Print the line containing "pose proof (D_O_le_nw Dx" and every line after it exactly as written, through the end of the records.

======== Input

(* Superadditivity of D_M along the diagonal (s1,t1)-(s2,t2): every
   rectangle cornered at the southeast point (s2,t1), united with
   [s1,s2]x[t1,t2], splits into a rectangle cornered at (s1,t1) and one
   cornered at (s2,t2). *)
Lemma D_M_superadditive_se (s1 s2 t1 t2 : R) :
  Dx s1 -> Dx s2 -> Dy t1 -> Dy t2 -> s1 <= s2 -> t1 <= t2 ->
  D_M Dx Dy Q s1 t1 + D_M Dx Dy Q s2 t2 - V Q s1 s2 t1 t2 <= D_M Dx Dy Q s2 t1.
Proof.
  intros Hs1 Hs2 Ht1 Ht2 Hs Ht. apply D_M_greatest; auto.
  - intros s t Hs' Ht' H1 H2. destruct (Rle_dec t t2).
    + pose proof (D_M_le_ne s1 t1 s t Hs1 Ht1 Hs' Ht' ltac:(lra) ltac:(lra)).
      pose proof (D_M_le_sw s2 t2 s1 t Hs2 Ht2 Hs1 Ht' ltac:(lra) ltac:(lra)).
      unfold V in *. lra.
    + pose proof (D_M_le_ne s1 t1 s t2 Hs1 Ht1 Hs' Ht2 ltac:(lra) ltac:(lra)).
      pose proof (D_M_le_ne s2 t2 s t Hs2 Ht2 Hs' Ht' ltac:(lra) ltac:(lra)).
      unfold V in *. lra.
  - intros s t Hs' Ht' H1 H2. destruct (Rle_dec s s1).
    + pose proof (D_M_le_sw s2 t2 s1 t Hs2 Ht2 Hs1 Ht' ltac:(lra) ltac:(lra)).
      pose proof (D_M_le_sw s1 t1 s t Hs1 Ht1 Hs' Ht' ltac:(lra) ltac:(lra)).
      unfold V in *. lra.
    + pose proof (D_M_le_sw s2 t2 s t Hs2 Ht2 Hs' Ht' ltac:(lra) ltac:(lra)).
      pose proof (D_M_le_ne s1 t1 s t2 Hs1 Ht1 Hs' Ht2 ltac:(lra) ltac:(lra)).
      unfold V in *. lra.
Qed.

Lemma D_M_superadditive_nw (s1 s2 t1 t2 : R) :
  Dx s1 -> Dx s2 -> Dy t1 -> Dy t2 -> s1 <= s2 -> t1 <= t2 ->
  D_M Dx Dy Q s1 t1 + D_M Dx Dy Q s2 t2 - V Q s1 s2 t1 t2 <= D_M Dx Dy Q s1 t2.
Proof.
  intros Hs1 Hs2 Ht1 Ht2 Hs Ht. apply D_M_greatest; auto.
  - intros s t Hs' Ht' H1 H2. destruct (Rle_dec s s2).
    + pose proof (D_M_le_ne s1 t1 s t Hs1 Ht1 Hs' Ht' ltac:(lra) ltac:(lra)).
      pose proof (D_M_le_sw s2 t2 s t1 Hs2 Ht2 Hs' Ht1 ltac:(lra) ltac:(lra)).
      unfold V in *. lra.
    + pose proof (D_M_le_ne s1 t1 s2 t Hs1 Ht1 Hs2 Ht' ltac:(lra) ltac:(lra)).
      pose proof (D_M_le_ne s2 t2 s t Hs2 Ht2 Hs' Ht' ltac:(lra) ltac:(lra)).
      unfold V in *. lra.
  - intros s t Hs' Ht' H1 H2. destruct (Rle_dec t t1).
    + pose proof (D_M_le_sw s1 t1 s t Hs1 Ht1 Hs' Ht' ltac:(lra) ltac:(lra)).
      pose proof (D_M_le_sw s2 t2 s t1 Hs2 Ht2 Hs' Ht1 ltac:(lra) ltac:(lra)).
      unfold V in *. lra.
    + pose proof (D_M_le_sw s2 t2 s t Hs2 Ht2 Hs' Ht' ltac:(lra) ltac:(lra)).
      pose proof (D_M_le_ne s1 t1 s2 t Hs1 Ht1 Hs2 Ht' ltac:(lra) ltac:(lra)).
      unfold V in *. lra.
Qed.

Lemma D_O_superadditive_sw (s1 s2 t1 t2 : R) :
  Dx s1 -> Dx s2 -> Dy t1 -> Dy t2 -> s1 <= s2 -> t1 <= t2 ->
  D_O Dx Dy Q s2 t1 + D_O Dx Dy Q s1 t2 - V Q s1 s2 t1 t2 <= D_O Dx Dy Q s1 t1.
Proof.
  intros Hs1 Hs2 Ht1 Ht2 Hs Ht. apply D_O_greatest; auto.
  - intros s t Hs' Ht' H1 H2. destruct (Rle_dec t t2).
    + pose proof (D_O_le_nw s2 t1 s t Hs2 Ht1 Hs' Ht' ltac:(lra) ltac:(lra)).
      pose proof (D_O_le_se s1 t2 s2 t Hs1 Ht2 Hs2 Ht' ltac:(lra) ltac:(lra)).
      unfold V in *. lra.
    + pose proof (D_O_le_nw s1 t2 s t Hs1 Ht2 Hs' Ht' ltac:(lra) ltac:(lra)).
      pose proof (D_O_le_nw s2 t1 s t2 Hs2 Ht1 Hs' Ht2 ltac:(lra) ltac:(lra)).
      unfold V in *. lra.
  - intros s t Hs' Ht' H1 H2. destruct (Rle_dec s s2).
    + pose proof (D_O_le_se s1 t2 s t Hs1 Ht2 Hs' Ht' ltac:(lra) ltac:(lra)).
      pose proof (D_O_le_nw s2 t1 s t2 Hs2 Ht1 Hs' Ht2 ltac:(lra) ltac:(lra)).
      unfold V in *. lra.
    + pose proof (D_O_le_se s1 t2 s2 t Hs1 Ht2 Hs2 Ht' ltac:(lra) ltac:(lra)).
      pose proof (D_O_le_se s2 t1 s t Hs2 Ht1 Hs' Ht' ltac:(lra) ltac:(lra)).
      unfold V in *. lra.
Qed.

Lemma D_O_superadditive_ne (s1 s2 t1 t2 : R) :
  Dx s1 -> Dx s2 -> Dy t1 -> Dy t2 -> s1 <= s2 -> t1 <= t2 ->
  D_O Dx Dy Q s2 t1 + D_O Dx Dy Q s1 t2 - V Q s1 s2 t1 t2 <= D_O Dx Dy Q s2 t2.
Proof.
  intros Hs1 Hs2 Ht1 Ht2 Hs Ht. apply D_O_greatest; auto.
  - intros s t Hs' Ht' H1 H2. destruct (Rle_dec s s1).
    + pose proof (D_O_le_nw s1 t2 s t Hs1 Ht2 Hs' Ht' ltac:(lra) ltac:(lra)).
      pose proof (D_O_le_nw s2 t1 s1 t Hs2 Ht1 Hs1 Ht' ltac:(lra) ltac:(lra)).
      unfold V in *. lra.
    + pose proof (D_O_le_nw s2 t1 s t Hs2 Ht1 Hs' Ht' ltac:(lra) ltac:(lra)).
      pose proof (D_O_le_se s1 t2 s t1 Hs1 Ht2 Hs' Ht1 ltac:(lra) ltac:(lra)).
      unfold V in *. lra.
  - intros s t Hs' Ht' H1 H2. destruct (Rle_dec t t1).
    + pose proof (D_O_le_se s1 t2 s t1 Hs1 Ht2 Hs' Ht1 ltac:(lra) ltac:(lra)).
      pose proof (D_O_le_se s2 t1 s t Hs2 Ht1 Hs' Ht' ltac:(lra) ltac:(lra)).
      unfold V in *. lra.
    + pose proof (D_O_le_se s1 t2 s t Hs1 Ht2 Hs' Ht' ltac:(lra) ltac:(lra)).
      pose proof (D_O_le_nw s2 t1 s1 t Hs2 Ht1 Hs1 Ht' ltac:(lra) ltac:(lra)).
      unfold V in *. lra.
Qed.

End Defects.

Lemma grounded_neutral_boundary (Dx Dy : R -> Prop) (Q Q' : R -> R -> R) :
  grid Dx -> grid Dy -> grounded_neutral Dx Dy Q ->
  (forall x y, Dx x -> Dy y -> on_edge x \/ on_edge y -> Q' x y = Q x y) ->
  grounded_neutral Dx Dy Q'.
Proof.
  intros [x0 [x1 _]] [y0 [y1 _]] [Qx0 [Q0y [Qx1 Q1y]]] Hagree.
  unfold on_edge in Hagree.
  repeat split; intros z Hz; rewrite Hagree; auto.
Qed.

Lemma lower_envelope_imprecise (Dx Dy : R -> Prop) (Q : R -> R -> R) :
  grid Dx -> grid Dy -> quasi_copula Dx Dy Q ->
  imprecise_copula Dx Dy Q (Q_M Dx Dy Q).
Proof.
  intros gx gy HQ. pose proof HQ as [Hgn _].
  split; [exact Hgn |]. split.
  { apply (grounded_neutral_boundary Dx Dy Q); auto.
    intros x y Hx Hy Hedge. unfold Q_M. rewrite D_M_on_edge; auto. lra. }
  intros s1 s2 t1 t2 Hs1 Hs2 Ht1 Ht2 Hs Ht. unfold Q_M.
  pose proof (D_M_le_ne Dx Dy Q gx gy HQ s1 t1 s2 t2 Hs1 Ht1 Hs2 Ht2 Hs Ht).
  pose proof (D_M_le_sw Dx Dy Q gx gy HQ s2 t2 s1 t1 Hs2 Ht2 Hs1 Ht1 Hs Ht).
  pose proof (D_M_superadditive_se Dx Dy Q gx gy HQ s1 s2 t1 t2 Hs1 Hs2 Ht1 Ht2 Hs Ht).
  pose proof (D_M_superadditive_nw Dx Dy Q gx gy HQ s1 s2 t1 t2 Hs1 Hs2 Ht1 Ht2 Hs Ht).
  unfold V in *. repeat split; lra.
Qed.

Lemma upper_envelope_imprecise (Dx Dy : R -> Prop) (Q : R -> R -> R) :
  grid Dx -> grid Dy -> quasi_copula Dx Dy Q ->
  imprecise_copula Dx Dy (Q_O Dx Dy Q) Q.
Proof.
  intros gx gy HQ. pose proof HQ as [Hgn _].
  split.
  { apply (grounded_neutral_boundary Dx Dy Q); auto.
    intros x y Hx Hy Hedge. unfold Q_O. rewrite D_O_on_edge; auto. lra. }
  split; [exact Hgn |].
  intros s1 s2 t1 t2 Hs1 Hs2 Ht1 Ht2 Hs Ht. unfold Q_O.
  pose proof (D_O_le_nw Dx Dy Q gx gy HQ s2 t1 s1 t2 Hs2 Ht1 Hs1 Ht2 Hs Ht).
  pose proof (D_O_le_se Dx Dy Q gx gy HQ s1 t2 s2 t1 Hs1 Ht2 Hs2 Ht1 Hs Ht).
  pose proof (D_O_superadditive_sw Dx Dy Q gx gy HQ s1 s2 t1 t2 Hs1 Hs2 Ht1 Ht2 Hs Ht).
  pose proof (D_O_superadditive_ne Dx Dy Q gx gy HQ s1 s2 t1 t2 Hs1 Hs2 Ht1 Ht2 Hs Ht).
  unfold V in *. repeat split; lra.
Qed.

Lemma grid_unit_int : grid unit_int.
Proof. unfold grid, unit_int. repeat split; intros; lra. Qed.

Lemma grid_mesh (D : R -> Prop) : is_mesh D -> grid D.
Proof. intros [_ Hgrid]. exact Hgrid. Qed.

Theorem mainTheorem7 :
  (forall A B : R -> R -> R,
     quasi_copula unit_int unit_int A -> quasi_copula unit_int unit_int B ->
     imprecise_copula unit_int unit_int A (Q_M unit_int unit_int A) /\
     imprecise_copula unit_int unit_int (Q_O unit_int unit_int B) B) /\
  (forall (Dx Dy : R -> Prop), is_mesh Dx -> is_mesh Dy ->
   forall A B : R -> R -> R,
     quasi_copula Dx Dy A -> quasi_copula Dx Dy B ->
     imprecise_copula Dx Dy A (Q_M Dx Dy A) /\
     imprecise_copula Dx Dy (Q_O Dx Dy B) B).
Proof.
  pose proof grid_unit_int as gu. split.
  - intros A B HA HB.
    split; [apply lower_envelope_imprecise | apply upper_envelope_imprecise]; auto.
  - intros Dx Dy Hmx Hmy A B HA HB.
    apply grid_mesh in Hmx. apply grid_mesh in Hmy.
    split; [apply lower_envelope_imprecise | apply upper_envelope_imprecise]; auto.
Qed.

================

• _Solution_
  pose proof (D_O_le_nw Dx Dy Q gx gy HQ s2 t1 s1 t2 Hs2 Ht1 Hs1 Ht2 Hs Ht).
  pose proof (D_O_le_se Dx Dy Q gx gy HQ s1 t2 s2 t1 Hs1 Ht2 Hs2 Ht1 Hs Ht).
  pose proof (D_O_superadditive_sw Dx Dy Q gx gy HQ s1 s2 t1 t2 Hs1 Hs2 Ht1 Ht2 Hs Ht).
  pose proof (D_O_superadditive_ne Dx Dy Q gx gy HQ s1 s2 t1 t2 Hs1 Hs2 Ht1 Ht2 Hs Ht).
  unfold V in *. repeat split; lra.
Qed.

Lemma grid_unit_int : grid unit_int.
Proof. unfold grid, unit_int. repeat split; intros; lra. Qed.

Lemma grid_mesh (D : R -> Prop) : is_mesh D -> grid D.
Proof. intros [_ Hgrid]. exact Hgrid. Qed.

Theorem mainTheorem7 :
  (forall A B : R -> R -> R,
     quasi_copula unit_int unit_int A -> quasi_copula unit_int unit_int B ->
     imprecise_copula unit_int unit_int A (Q_M unit_int unit_int A) /\
     imprecise_copula unit_int unit_int (Q_O unit_int unit_int B) B) /\
  (forall (Dx Dy : R -> Prop), is_mesh Dx -> is_mesh Dy ->
   forall A B : R -> R -> R,
     quasi_copula Dx Dy A -> quasi_copula Dx Dy B ->
     imprecise_copula Dx Dy A (Q_M Dx Dy A) /\
     imprecise_copula Dx Dy (Q_O Dx Dy B) B).
Proof.
  pose proof grid_unit_int as gu. split.
  - intros A B HA HB.
    split; [apply lower_envelope_imprecise | apply upper_envelope_imprecise]; auto.
  - intros Dx Dy Hmx Hmy A B HA HB.
    apply grid_mesh in Hmx. apply grid_mesh in Hmy.
    split; [apply lower_envelope_imprecise | apply upper_envelope_imprecise]; auto.
Qed.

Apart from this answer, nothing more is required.